Regular Expressions - usefull tips

ford prefect · Post by *ford prefect » 2004-11-10, 18:02 UTC

Helloo everyone,

I just stumbled over a beautiful but not commonly known regexp search solution. Excuse my stupidity, but I felt like a thread about common regexp solutions would encourage users to use them

And maybe others to contribute with their special tricks with regexp too...

in many cases you will be discouraged to use the so called "greedy" quantifiers
+ - one or more occurrences
* - zero or more occurrences

example:
you want to search for any opening link HTML tag <a href=link>
The common problem is that you shouldn't write:

<a href=.*>

as it would select the entire text from the first <a href= till the last > character in the entire file.
Many handbooks advise to use some ugly method like

<a href=[^<]*>

where the [^<]* means search zero or more occurrences of any character except < which is sooo ugly

But hey! We have LAZY quantifiers

Code: Select all

Greedy     Lazy

  *         *?
  +         +?
 {n,}      {n,}?

with which you can do it in a snap like this:

<a href=.*?>

Naturally the dot '.' is any character but since you use *? the search will stop by the first occurence of the > character

TRY IT, YOU WON'T REGRET IT!!!

_____________________________________________

...and in that fashion it can get complex:
lets say you want to search for any sequence of tags for HTML table cell

<td any parameters>anything<a href=anything>anything</a>anything</td>

you don't have to perform magic for this one with the lazy quantifiers,
just remember that instead of * (as in non-regexp filters, searches) you should use .*?

so you can imagine it with the 'stars' first just like

<td*>*<a href=*>*</a>*</td>

the seqence in regexp is simple then

<td.*?>.*?<a href=.*?>.*?</a>.*?</td>

Nice!

I've got this from a genious chm help file called SAMS - Teach Yourself Regular Expressions in 10 Minutes - 2004.

Post by *petermad » 2004-11-10, 18:16 UTC

Sounds very interesting - and where can one get hold of SAMS

ford prefect · Post by *ford prefect » 2004-11-10, 18:33 UTC

Well, I shouldn't be mentioning but SAMS - Teach Yourself Regular Expressions in 10 Minutes is actually a good old fasioned paper book
http://www.samspublishing.com/title/0672325667
and the "electronical" version I've got is... let's just say... not offical.

And for the record, Since I always "DO NOT" look in the TC manual the LAZY or as written there the non-greedy operators are mentioned there too, I just didn't notice for the first time when I studied it.
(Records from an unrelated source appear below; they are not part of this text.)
(* Let $(x_t)_{t\in\Omega}$ be a continuous frame for an infinite dimensional Hilbert space $H$. Then there exists $x\in H$ such that $(x_t)_{t\in\Omega}$ does not do stable phase retrieval near $x$. Moreover, the set of $x\in H$ such that $(x_t)_{t\in\Omega}$ does not do stable phase retrieval near $x$ is dense in $H$.
   Context: $H$ is a real or complex Hilbert space. A continuous frame $(x_t)_{t\in\Omega}$ over a measure space $(\Omega,\mu)$ (with $t\mapsto\langle x,x_t\rangle$ measurable for each $x$) satisfies $A\|x\|^2\le\int_\Omega|\langle x,x_t\rangle|^2d\mu\le B\|x\|^2$ for all $x\in H$ with $B\ge A>0$; its analysis operator is $\Theta(x)=(\langle x,x_t\rangle)_{t\in\Omega}\in L_2(\Omega)$, $|\Theta x|=(|\langle x,x_t\rangle|)_{t\in\Omega}$. For $x,y$ with $x\neq\lambda y$ for all scalars $|\lambda|=1$, set $\Psi(x,y)=\||\Theta x|-|\Theta y|\|_{L_2(\Omega)}/\min_{|\lambda|=1}\|x-\lambda y\|$. For $C>0$, the frame does $C$-stable phase retrieval near $x$ if $\liminf_{y\to x,\ y\notin\{\lambda x:|\lambda|=1\}} C\,\Psi(x,y)\ge1$, and does stable phase retrieval near $x$ if this holds for some $C>0$. *)

From HB Require Import structures.
From mathcomp Require Import all_boot all_order all_algebra.
From mathcomp Require Import all_classical all_reals all_analysis.
From mathcomp Require Import complex.
Set Implicit Arguments. Unset Strict Implicit. Unset Printing Implicit Defensive.
Import Order.TTheory GRing.Theory Num.Theory.
Import numFieldNormedType.Exports.
Local Open Scope classical_set_scope.
Local Open Scope ring_scope.

(* The scalar field is K (= R for real Hilbert spaces,
   = R[i] for complex ones).  [re] : K -> R recovers the real number from a
   real-valued element of K (for K = R: identity; for K = R[i]: Re), [im] the
   imaginary part (for K = R: 0), [conj] the conjugation (for K = R: id).
   Norms in MathComp are K-valued; the real norm of v is [re `|v|]. *)

(* ip is an inner product (linear in the first argument, conjugate
   symmetric) inducing the norm of H. Together with H being a
   completeNormedModType this makes (H, ip) a Hilbert space. *)
Definition is_inner_product (K : numFieldType) (conj : K -> K)
    (H : normedModType K) (ip : H -> H -> K) : Prop :=
  [/\ forall (a : K) (x y z : H), ip (a *: x + y) z = a * ip x z + ip y z,
      forall x y : H, ip y x = conj (ip x y) &
      forall x : H, ip x x = `|x| ^+ 2].

Definition infinite_dimensional (K : numFieldType) (H : lmodType K) : Prop :=
  forall (n : nat) (e : 'I_n -> H),
    exists x : H, forall c : 'I_n -> K, x <> \sum_(i < n) c i *: e i.
Definition level_seq (k : nat) (S : list nat) (L : list nat) : Prop :=
  length L = length S /\ Forall (fun l => (l <= k)%nat) L.

Definition p_geo (s : nat) (lam : R) : R := (1 - lam) * lam ^ s.

Definition pen (gamma : R) (n : nat) (x y : nat) : R :=
  Rmax (INR y - INR x) 0 * gamma * ln (INR n).

(* 0-indexed: level l_{i+1} = nth i L 0; previous level l_i (with l_0 = 0). *)
Definition prev_level (L : list nat) (i : nat) : nat :=
  match i with O => O | Datatypes.S j => nth j L O end.

Definition score_geo (L S : list nat) (alpha beta gamma : R) : R :=
  sumR (length S) (fun i =>
    - ln (p_geo (nth i S O) (beta * alpha ^ (nth i L O)))
    + pen gamma (length S) (prev_level L i) (nth i L O)).

Definition geo_optimal (S : list nat) (alpha gamma : R) (k : nat)
    (Lopt : list nat) (bopt : R) : Prop :=
  level_seq k S Lopt /\ 0 < bopt < 1 /\
  forall L b, level_seq k S L -> 0 < b < 1 ->
    score_geo Lopt S alpha bopt gamma <= score_geo L S alpha b gamma.

Definition viterbi_spec (S : list nat) (alpha gamma : R) (k : nat)
    (vit : R -> list nat) : Prop :=
  forall b, 0 < b < 1 ->
    level_seq k S (vit b) /\
    forall L, level_seq k S L ->
      score_geo (vit b) S alpha b gamma <= score_geo L S alpha b gamma.

Definition mu (S : list nat) : R :=
  sumR (length S) (fun i => INR (nth i S O)) / INR (length S).

Definition eta (S : list nat) : R := mu S / (mu S + 1).

Definition c_iter (eps : R) (j : nat) : R := / (1 + eps) ^ j.

Definition beta_iter (S : list nat) (eps : R) (j : nat) : R :=
  Rpower (eta S) (c_iter eps j).

Definition loop_cond (S : list nat) (eps : R) (j : nat) : Prop :=
  beta_iter S eps j <= mu S / (mu S + / INR (length S)).

(* iteration j is executed iff the while-condition held at iterations 0..j *)
Definition tested (S : list nat) (eps : R) (j : nat) : Prop :=
  forall i, (i <= j)%nat -> loop_cond S eps i.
So this is also a nice example that you should ALWAYS look in the manual

yxz11 · Post by *yxz11 » 2004-11-15, 02:59 UTC

Here is a very nice tutorial for RE:

http://www.regular-expressions.info/tutorial.html

The syntax is a bit different than what TC used, above tutorial talks about PCRE. I think this is the library TC used and here is the help:

http://regexpstudio.com/TRegExpr/Help/RegExp_Syntax.html

And here is another site have information about RE:

http://www.regularexpression.info/

To master RE, Jeffrey Friedl's book is a good read:

http://www.oreilly.com/catalog/regex2/

Spending time on learning RE is one of my best investment.